• _ABOUT THIS TASK_: The expected output is exactly the lines below, starting at the line with "case: (feasible_humans_employed fA)" and ending at the line with "by rewrite subr_eq0 => /eqP <-.", both included; no other line belongs in it.

• _DATA IN THIS EXERCISE_:
>>>

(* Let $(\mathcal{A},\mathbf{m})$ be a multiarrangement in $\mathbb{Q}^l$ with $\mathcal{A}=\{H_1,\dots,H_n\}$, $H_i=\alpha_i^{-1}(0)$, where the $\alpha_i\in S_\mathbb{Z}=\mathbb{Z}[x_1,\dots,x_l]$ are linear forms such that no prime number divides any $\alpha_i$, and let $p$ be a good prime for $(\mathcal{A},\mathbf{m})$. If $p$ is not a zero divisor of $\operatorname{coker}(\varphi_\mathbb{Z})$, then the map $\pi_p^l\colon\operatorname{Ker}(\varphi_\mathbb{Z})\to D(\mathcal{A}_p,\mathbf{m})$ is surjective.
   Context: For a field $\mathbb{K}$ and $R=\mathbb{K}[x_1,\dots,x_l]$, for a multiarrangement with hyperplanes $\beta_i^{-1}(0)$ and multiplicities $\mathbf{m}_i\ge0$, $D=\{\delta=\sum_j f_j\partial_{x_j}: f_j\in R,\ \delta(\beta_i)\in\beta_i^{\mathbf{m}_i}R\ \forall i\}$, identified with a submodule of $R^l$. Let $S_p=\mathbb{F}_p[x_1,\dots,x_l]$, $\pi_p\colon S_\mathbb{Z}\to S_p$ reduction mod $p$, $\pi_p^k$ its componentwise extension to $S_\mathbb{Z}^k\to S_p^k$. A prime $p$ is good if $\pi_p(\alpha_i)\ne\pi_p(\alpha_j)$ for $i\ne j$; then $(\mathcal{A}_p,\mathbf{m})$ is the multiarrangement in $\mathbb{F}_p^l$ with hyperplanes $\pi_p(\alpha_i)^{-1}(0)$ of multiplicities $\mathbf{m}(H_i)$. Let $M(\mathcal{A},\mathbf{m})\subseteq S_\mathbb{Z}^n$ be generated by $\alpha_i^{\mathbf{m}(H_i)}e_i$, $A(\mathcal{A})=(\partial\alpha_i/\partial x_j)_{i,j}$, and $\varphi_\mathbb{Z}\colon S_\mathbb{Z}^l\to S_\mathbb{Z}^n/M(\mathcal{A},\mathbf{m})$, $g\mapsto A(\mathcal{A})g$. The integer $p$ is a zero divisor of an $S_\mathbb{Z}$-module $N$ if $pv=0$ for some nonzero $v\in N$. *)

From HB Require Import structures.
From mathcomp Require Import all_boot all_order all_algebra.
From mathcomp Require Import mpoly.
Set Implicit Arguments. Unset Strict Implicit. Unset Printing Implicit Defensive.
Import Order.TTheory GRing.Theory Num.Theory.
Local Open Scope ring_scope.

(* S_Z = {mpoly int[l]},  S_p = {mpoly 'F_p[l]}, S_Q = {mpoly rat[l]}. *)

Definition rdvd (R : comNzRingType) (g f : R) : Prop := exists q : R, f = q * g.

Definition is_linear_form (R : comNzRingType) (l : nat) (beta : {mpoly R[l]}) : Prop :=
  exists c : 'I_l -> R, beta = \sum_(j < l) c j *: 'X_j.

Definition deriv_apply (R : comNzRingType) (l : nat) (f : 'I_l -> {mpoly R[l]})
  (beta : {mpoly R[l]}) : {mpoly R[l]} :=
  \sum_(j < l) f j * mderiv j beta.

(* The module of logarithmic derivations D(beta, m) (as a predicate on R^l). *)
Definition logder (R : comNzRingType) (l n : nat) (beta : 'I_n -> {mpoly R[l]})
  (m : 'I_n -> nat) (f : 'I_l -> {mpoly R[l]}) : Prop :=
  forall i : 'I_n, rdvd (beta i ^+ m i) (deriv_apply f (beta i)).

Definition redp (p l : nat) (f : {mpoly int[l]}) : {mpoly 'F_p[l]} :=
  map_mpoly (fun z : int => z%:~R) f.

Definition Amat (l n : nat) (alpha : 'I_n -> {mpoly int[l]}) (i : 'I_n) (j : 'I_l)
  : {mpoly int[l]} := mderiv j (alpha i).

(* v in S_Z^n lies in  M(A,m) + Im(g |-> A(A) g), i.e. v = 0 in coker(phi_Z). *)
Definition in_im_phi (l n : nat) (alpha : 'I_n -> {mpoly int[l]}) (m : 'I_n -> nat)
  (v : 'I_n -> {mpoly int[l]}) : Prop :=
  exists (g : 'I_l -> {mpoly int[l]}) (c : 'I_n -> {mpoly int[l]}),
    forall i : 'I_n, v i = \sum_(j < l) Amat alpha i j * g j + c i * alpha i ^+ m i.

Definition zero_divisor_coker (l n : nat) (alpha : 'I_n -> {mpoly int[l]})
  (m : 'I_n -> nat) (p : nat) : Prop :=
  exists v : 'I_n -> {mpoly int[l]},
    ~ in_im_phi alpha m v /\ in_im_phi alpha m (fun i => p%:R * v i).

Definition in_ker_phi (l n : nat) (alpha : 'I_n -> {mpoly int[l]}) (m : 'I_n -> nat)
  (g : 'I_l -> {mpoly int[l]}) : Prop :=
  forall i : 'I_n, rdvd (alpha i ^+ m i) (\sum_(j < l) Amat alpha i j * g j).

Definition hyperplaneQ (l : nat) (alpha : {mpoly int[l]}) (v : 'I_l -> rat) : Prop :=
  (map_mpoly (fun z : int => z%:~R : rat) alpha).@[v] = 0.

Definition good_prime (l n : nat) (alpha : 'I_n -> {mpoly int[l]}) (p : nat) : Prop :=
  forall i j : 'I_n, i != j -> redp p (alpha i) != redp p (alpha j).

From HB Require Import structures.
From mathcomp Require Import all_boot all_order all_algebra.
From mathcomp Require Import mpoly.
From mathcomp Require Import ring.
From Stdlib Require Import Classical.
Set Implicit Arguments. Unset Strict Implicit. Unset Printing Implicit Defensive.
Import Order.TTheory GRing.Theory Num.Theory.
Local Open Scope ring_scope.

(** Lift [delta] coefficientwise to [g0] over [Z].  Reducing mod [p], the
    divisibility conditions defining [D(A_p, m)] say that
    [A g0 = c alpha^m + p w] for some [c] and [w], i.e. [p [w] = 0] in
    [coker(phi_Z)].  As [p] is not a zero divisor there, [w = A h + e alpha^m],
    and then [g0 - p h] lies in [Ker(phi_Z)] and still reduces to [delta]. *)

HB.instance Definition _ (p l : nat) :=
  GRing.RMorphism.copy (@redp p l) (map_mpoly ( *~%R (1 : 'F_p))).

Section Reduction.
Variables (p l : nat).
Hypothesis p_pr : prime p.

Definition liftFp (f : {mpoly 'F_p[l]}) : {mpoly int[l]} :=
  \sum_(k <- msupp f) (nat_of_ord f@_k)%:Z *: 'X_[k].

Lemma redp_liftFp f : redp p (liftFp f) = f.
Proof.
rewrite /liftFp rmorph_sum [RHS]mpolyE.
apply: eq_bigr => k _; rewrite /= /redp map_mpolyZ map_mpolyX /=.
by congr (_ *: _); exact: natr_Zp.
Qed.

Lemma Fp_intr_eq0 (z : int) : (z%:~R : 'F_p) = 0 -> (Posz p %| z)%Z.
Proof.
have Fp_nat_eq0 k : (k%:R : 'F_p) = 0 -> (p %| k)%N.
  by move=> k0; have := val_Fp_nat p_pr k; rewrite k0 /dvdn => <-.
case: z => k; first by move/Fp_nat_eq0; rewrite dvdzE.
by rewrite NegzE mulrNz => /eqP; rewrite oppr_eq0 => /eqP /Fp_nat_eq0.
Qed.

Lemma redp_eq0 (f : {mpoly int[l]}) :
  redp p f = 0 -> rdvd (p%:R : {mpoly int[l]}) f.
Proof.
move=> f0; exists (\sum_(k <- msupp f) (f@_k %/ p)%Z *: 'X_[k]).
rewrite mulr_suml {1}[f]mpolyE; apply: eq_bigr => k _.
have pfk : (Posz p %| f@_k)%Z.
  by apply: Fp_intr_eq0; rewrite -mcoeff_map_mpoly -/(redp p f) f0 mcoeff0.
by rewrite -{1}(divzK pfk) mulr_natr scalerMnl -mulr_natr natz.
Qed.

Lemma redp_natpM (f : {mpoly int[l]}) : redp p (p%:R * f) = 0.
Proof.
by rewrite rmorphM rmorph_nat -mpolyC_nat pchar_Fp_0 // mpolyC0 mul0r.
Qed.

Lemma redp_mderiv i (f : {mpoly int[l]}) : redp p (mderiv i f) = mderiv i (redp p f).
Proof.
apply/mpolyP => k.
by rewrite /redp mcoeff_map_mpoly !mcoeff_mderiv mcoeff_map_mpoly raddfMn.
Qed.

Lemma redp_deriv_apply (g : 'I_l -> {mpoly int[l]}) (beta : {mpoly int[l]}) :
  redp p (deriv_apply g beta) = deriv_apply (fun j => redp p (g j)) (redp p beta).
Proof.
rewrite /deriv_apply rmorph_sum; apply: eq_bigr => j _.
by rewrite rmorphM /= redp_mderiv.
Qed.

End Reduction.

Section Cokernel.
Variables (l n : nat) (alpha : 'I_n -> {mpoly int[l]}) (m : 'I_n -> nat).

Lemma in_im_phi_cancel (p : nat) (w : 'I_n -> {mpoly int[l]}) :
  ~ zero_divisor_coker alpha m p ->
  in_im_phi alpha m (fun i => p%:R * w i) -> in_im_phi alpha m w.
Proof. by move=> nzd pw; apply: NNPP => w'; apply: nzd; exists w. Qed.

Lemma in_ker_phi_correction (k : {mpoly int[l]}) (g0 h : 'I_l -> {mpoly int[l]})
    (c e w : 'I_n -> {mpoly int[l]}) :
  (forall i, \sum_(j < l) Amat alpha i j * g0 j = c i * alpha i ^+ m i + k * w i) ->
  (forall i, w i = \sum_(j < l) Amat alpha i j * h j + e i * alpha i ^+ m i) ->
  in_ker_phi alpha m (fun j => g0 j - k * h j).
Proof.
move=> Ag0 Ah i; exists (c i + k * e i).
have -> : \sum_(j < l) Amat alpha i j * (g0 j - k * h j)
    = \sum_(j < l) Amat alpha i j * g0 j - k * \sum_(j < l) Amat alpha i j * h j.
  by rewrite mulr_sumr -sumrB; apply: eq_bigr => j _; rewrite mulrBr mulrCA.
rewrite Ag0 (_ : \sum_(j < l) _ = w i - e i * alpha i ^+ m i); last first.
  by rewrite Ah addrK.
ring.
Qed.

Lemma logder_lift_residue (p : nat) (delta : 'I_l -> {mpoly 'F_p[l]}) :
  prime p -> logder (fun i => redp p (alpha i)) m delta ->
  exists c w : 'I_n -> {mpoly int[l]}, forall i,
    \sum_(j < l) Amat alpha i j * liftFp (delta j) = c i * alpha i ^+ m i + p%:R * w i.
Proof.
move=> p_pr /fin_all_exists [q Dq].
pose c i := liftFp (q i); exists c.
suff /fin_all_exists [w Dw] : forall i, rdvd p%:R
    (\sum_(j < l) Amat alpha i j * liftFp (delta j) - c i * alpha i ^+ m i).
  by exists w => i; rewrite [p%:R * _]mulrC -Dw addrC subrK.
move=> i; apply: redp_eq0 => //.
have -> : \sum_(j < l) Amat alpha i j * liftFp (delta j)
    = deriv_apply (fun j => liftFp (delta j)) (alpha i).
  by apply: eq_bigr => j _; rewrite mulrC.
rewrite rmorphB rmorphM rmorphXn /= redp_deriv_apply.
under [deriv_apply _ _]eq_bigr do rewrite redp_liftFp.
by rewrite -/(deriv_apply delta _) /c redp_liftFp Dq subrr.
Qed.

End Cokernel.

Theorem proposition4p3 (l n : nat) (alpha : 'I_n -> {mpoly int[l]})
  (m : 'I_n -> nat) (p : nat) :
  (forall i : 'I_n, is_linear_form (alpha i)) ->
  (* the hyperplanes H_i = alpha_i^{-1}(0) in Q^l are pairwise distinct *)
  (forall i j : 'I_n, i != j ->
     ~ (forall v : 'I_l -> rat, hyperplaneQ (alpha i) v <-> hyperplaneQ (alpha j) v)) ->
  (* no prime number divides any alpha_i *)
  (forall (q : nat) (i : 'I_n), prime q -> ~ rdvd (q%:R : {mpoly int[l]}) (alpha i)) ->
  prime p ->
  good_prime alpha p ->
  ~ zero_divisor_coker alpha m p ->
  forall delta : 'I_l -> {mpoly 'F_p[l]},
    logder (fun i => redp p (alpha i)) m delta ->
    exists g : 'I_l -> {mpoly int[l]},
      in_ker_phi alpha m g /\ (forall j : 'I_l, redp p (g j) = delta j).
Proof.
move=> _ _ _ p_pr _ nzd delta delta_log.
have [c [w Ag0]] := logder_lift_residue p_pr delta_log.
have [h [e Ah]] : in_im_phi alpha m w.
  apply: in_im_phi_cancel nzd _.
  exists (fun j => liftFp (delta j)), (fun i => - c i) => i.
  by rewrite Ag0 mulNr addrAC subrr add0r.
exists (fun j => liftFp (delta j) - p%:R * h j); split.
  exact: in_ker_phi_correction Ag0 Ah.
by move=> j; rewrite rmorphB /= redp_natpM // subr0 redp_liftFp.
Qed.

<<<
>>>

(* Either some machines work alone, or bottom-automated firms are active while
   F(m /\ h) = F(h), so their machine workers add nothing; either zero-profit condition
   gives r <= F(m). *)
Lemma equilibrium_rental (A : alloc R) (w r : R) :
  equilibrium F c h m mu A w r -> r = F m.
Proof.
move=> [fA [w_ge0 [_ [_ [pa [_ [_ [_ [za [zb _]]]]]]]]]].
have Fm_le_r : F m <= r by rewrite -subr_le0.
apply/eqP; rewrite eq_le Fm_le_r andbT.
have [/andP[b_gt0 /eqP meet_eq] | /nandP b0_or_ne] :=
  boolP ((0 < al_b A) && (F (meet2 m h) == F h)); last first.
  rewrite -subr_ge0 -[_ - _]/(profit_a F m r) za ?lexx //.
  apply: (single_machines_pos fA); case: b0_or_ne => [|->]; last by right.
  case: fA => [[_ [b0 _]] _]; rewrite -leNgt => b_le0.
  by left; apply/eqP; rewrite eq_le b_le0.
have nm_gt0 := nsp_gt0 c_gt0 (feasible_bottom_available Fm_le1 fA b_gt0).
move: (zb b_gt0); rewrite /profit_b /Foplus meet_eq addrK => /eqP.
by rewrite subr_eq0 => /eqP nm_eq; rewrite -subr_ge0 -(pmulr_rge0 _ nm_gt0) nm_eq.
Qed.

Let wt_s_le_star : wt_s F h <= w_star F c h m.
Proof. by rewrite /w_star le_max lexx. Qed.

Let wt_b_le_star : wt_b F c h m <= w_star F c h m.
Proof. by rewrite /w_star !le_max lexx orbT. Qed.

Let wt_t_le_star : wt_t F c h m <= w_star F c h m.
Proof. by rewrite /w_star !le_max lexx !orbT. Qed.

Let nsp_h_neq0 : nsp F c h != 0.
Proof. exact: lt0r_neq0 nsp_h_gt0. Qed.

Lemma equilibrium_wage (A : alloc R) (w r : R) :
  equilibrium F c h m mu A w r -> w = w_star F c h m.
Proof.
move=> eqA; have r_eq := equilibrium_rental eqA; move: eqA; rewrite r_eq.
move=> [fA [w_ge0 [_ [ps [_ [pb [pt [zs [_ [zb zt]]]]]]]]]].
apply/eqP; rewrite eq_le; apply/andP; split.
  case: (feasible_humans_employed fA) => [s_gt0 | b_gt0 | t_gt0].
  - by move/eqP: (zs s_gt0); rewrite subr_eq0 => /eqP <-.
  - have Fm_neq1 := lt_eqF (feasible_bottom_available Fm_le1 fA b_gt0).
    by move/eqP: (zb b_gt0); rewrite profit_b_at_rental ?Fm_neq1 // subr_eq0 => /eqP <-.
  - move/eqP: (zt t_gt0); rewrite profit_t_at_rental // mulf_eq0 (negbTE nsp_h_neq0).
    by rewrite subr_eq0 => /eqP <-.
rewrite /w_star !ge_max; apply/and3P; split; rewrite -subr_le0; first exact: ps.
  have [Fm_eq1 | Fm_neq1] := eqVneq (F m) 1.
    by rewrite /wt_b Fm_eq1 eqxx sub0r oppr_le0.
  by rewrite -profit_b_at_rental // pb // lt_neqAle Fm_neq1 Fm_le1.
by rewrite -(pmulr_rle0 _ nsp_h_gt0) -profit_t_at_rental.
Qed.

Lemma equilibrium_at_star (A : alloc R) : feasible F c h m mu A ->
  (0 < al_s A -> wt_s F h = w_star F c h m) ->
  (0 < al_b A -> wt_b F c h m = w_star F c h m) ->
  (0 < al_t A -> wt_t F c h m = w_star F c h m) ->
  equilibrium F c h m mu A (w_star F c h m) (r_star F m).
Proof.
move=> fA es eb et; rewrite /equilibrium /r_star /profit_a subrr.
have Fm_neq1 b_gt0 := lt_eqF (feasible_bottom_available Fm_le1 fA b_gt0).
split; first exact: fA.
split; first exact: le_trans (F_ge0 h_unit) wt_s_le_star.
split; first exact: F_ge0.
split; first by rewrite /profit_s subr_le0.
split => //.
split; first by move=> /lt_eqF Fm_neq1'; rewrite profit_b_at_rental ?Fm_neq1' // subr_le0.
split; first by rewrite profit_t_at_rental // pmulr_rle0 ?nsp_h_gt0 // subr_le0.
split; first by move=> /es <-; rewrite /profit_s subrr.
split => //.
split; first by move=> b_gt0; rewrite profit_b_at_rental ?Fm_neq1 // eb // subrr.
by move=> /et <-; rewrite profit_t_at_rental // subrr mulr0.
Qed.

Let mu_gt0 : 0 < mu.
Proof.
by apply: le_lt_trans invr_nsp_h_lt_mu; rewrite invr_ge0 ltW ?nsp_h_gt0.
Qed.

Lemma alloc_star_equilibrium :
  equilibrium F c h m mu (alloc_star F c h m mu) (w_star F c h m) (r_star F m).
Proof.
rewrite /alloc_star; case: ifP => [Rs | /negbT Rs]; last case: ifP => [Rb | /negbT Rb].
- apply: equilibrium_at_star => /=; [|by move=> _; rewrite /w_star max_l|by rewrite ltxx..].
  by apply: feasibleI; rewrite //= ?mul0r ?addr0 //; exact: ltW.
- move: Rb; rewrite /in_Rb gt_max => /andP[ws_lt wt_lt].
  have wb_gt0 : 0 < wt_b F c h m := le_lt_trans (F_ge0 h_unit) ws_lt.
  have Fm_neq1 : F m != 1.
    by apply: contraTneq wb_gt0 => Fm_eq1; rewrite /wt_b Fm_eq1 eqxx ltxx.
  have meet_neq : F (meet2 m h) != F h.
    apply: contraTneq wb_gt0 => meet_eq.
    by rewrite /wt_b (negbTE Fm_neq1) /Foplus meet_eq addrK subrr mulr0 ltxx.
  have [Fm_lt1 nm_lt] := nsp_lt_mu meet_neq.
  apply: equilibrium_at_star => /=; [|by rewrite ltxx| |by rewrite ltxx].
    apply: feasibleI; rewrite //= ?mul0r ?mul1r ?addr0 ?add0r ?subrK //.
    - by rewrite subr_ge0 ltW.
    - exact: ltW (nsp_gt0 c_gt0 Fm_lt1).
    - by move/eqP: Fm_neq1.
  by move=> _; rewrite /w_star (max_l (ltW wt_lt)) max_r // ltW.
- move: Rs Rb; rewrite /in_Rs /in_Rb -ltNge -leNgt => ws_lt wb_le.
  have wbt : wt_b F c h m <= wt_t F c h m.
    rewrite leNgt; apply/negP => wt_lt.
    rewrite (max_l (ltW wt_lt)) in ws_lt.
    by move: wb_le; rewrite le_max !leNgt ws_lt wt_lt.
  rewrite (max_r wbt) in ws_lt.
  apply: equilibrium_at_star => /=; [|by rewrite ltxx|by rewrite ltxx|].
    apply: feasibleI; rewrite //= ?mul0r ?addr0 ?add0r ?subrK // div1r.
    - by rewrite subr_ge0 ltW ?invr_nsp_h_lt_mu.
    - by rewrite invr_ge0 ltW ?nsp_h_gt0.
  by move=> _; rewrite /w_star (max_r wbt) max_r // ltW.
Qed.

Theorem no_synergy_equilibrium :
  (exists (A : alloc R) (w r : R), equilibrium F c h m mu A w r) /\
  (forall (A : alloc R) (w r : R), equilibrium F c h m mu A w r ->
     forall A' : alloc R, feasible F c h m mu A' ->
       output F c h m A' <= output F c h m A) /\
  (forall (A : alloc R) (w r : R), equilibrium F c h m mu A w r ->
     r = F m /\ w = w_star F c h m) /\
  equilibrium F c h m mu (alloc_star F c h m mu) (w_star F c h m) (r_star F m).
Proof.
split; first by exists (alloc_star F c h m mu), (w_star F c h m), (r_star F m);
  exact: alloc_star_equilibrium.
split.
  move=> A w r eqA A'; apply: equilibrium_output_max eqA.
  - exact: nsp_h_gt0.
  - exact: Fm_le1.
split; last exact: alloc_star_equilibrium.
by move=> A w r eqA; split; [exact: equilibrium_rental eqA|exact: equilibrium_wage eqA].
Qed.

<<<

• _YOUR RESPONSE_:
  case: (feasible_humans_employed fA) => [s_gt0 | b_gt0 | t_gt0].
  - by move/eqP: (zs s_gt0); rewrite subr_eq0 => /eqP <-.
  - have Fm_neq1 := lt_eqF (feasible_bottom_available Fm_le1 fA b_gt0).
    by move/eqP: (zb b_gt0); rewrite profit_b_at_rental ?Fm_neq1 // subr_eq0 => /eqP <-.
  - move/eqP: (zt t_gt0); rewrite profit_t_at_rental // mulf_eq0 (negbTE nsp_h_neq0).
    by rewrite subr_eq0 => /eqP <-.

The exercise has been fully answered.